By Terry Wilson
Surfers Paradise surprise packet Sam Hilton-Joyce most certainly epitomises the old saying about good things coming in small packages.
At 16 years of age, Hilton-Joyce burst on to the QAFL scene with a stunning five-goal haul on debut for the Demons in their big Coast derby win against Broadbeach last weekend.
Hilton-Joyce’s performance has earned him a fifth round nomination for the Rising Star Award, and there would be few who could disagree with the honour.
What was so special about his effort is that he managed to outmark some much bigger opponents over the four quarters in his role as a small forward.
That word small keeps popping up when you talk about Hilton-Joyce.
After all, the teenager is only 174cm tall and weighs in at 65kg – and that comes after he put on three kilograms over the pre-season.
But Hilton-Joyce is resigned to never growing much more as he nears adulthood.
“Being small doesn’t worry me at all,” he said.
“I probably won’t grow much more because Mum once told me that my great grandfather Mick was really small, he was about four foot 10 inches (147.3cm).
“And my father Clive is about the same height as I am now.
“I see the footy and go for it and last weekend I was lucky enough to take marks over the big guys.”
How Hilton-Joyce came to be called up for his seniors debut with Surfers is a story in itself.
He rocked up for a game in the colts at 8am but received a text from seniors coach Brad Moore saying he was in the top side as a replacement for Cassidy Haberfield.
He was a completely unknown commodity to all but the Surfers faithful – but he is no longer ranked in that category now.
Next weekend Surfers play premiers Palm Beach Currumbin at Salk Oval and Hilton-Joyce cannot wait for another crack at seniors football even if the surprise element no longer exists.

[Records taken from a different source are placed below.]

Lemma norm_gain_le j1 Q s : stochastic j1 -> `|gain j0 j1 Q s| <= 2 * \sum_a `|Q s a|.
Proof.
move=> hj1; rewrite /gain mulr_sumr; apply: le_trans (ler_norm_sum _ _ _) _.
apply: ler_sum => a _; rewrite normrM ler_wpM2r //.
have := dist_le1 a (hj1 s); have := dist_le1 a (j0_stoch s).
have := (hj1 s).1 a; have := (j0_stoch s).1 a.
by rewrite ler_norml => *; apply/andP; split; lra.
Qed.

Lemma statd_mix_lipschitz : exists C, 0 <= C /\
  forall j1 d u, stochastic j1 -> 0 <= d <= 1 ->
  `|statd (induced_chain (mix d j0 j1)) u - pi0 u| <= d * C.
Proof.
(* pi(u) is the stationary average of the indicator of u. *)
pose Q u := qfun (fun s _ => if s == u then 1 else 0).
have [C [C_ge0 hC]] := exists_ub (fun u => \sum_s 2 * \sum_a `|Q u s a|).
exists C; split=> // j1 d u hj1 hd; have hjd := mix_stochastic hd j0_stoch hj1.
rewrite -(stat_avg_state u hjd) -(stat_avg_state u j0_stoch) stat_avg_mix //.
rewrite normrM ger0_norm ?(andP hd).1 // ler_wpM2l ?(andP hd).1 //.
apply: le_trans (ler_norm_sum_dist _ (statd_induced hjd).1) (le_trans _ (hC u)).
by apply: ler_sum => s _; exact: norm_gain_le.
Qed.

Variables (r : S -> X -> R) (beta : R).
Let Qt := qfun (mv_reward r beta (stat_avg j0 r)).

Lemma mv_objective_mix j1 d : stochastic j1 -> 0 <= d <= 1 ->
  mv_objective r beta (mix d j0 j1) - mv_objective r beta j0 =
  d * \sum_s statd (induced_chain (mix d j0 j1)) s * gain j0 j1 Qt s +
  beta * (d * \sum_s statd (induced_chain (mix d j0 j1)) s * gain j0 j1 (qfun r) s) ^+ 2.
Proof.
move=> hj1 hd; have hjd := mix_stochastic hd j0_stoch hj1.
rewrite !(mv_objective_shift r beta (stat_avg j0 r)) // -!stat_avg_mix //; ring.
Qed.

“Obviously now Palm Beach will know who I am but I just want to play like I did on Saturday,” said Hilton-Joyce, whose attributes are speed, positional sense and a good and accurate kick of the Sherrin.
“It’s a big game and I absolutely can’t wait. It’ll be good and there’s no way I’m going to be overawed.”
The Hilton-Joyces moved from Ballarat to the Gold Coast when their son was 12 and he spent four seasons with the Southport juniors.
When Southport merged with Surfers to form a colts team named Surfers Sharks, Hilton-Joyce moved across, for a couple of reasons.
“I thought I’d go to a club with seniors and reserves so I can work my work my way up,” he said.
“At Southport there’s only NEAFL, so I’ve got to start somewhere.”
And like every starry-eyed teenager Hilton-Joyce would love to go much higher in his career.
The AFL is the number one target but, failing that, there is the NEAFL or the VFL to look at.
There is a good yarn behind Hilton-Joyce and his development years in chilly Ballarat in Victoria.
As a youngster he idolised Tony Lockett, the all-time VFL-AFL goalkicker and, in fact, used to play full-forward in the juniors.
“Back then I was the same height as everyone else but I sort of stagnated and everyone got taller,” said Hilton-Joyce.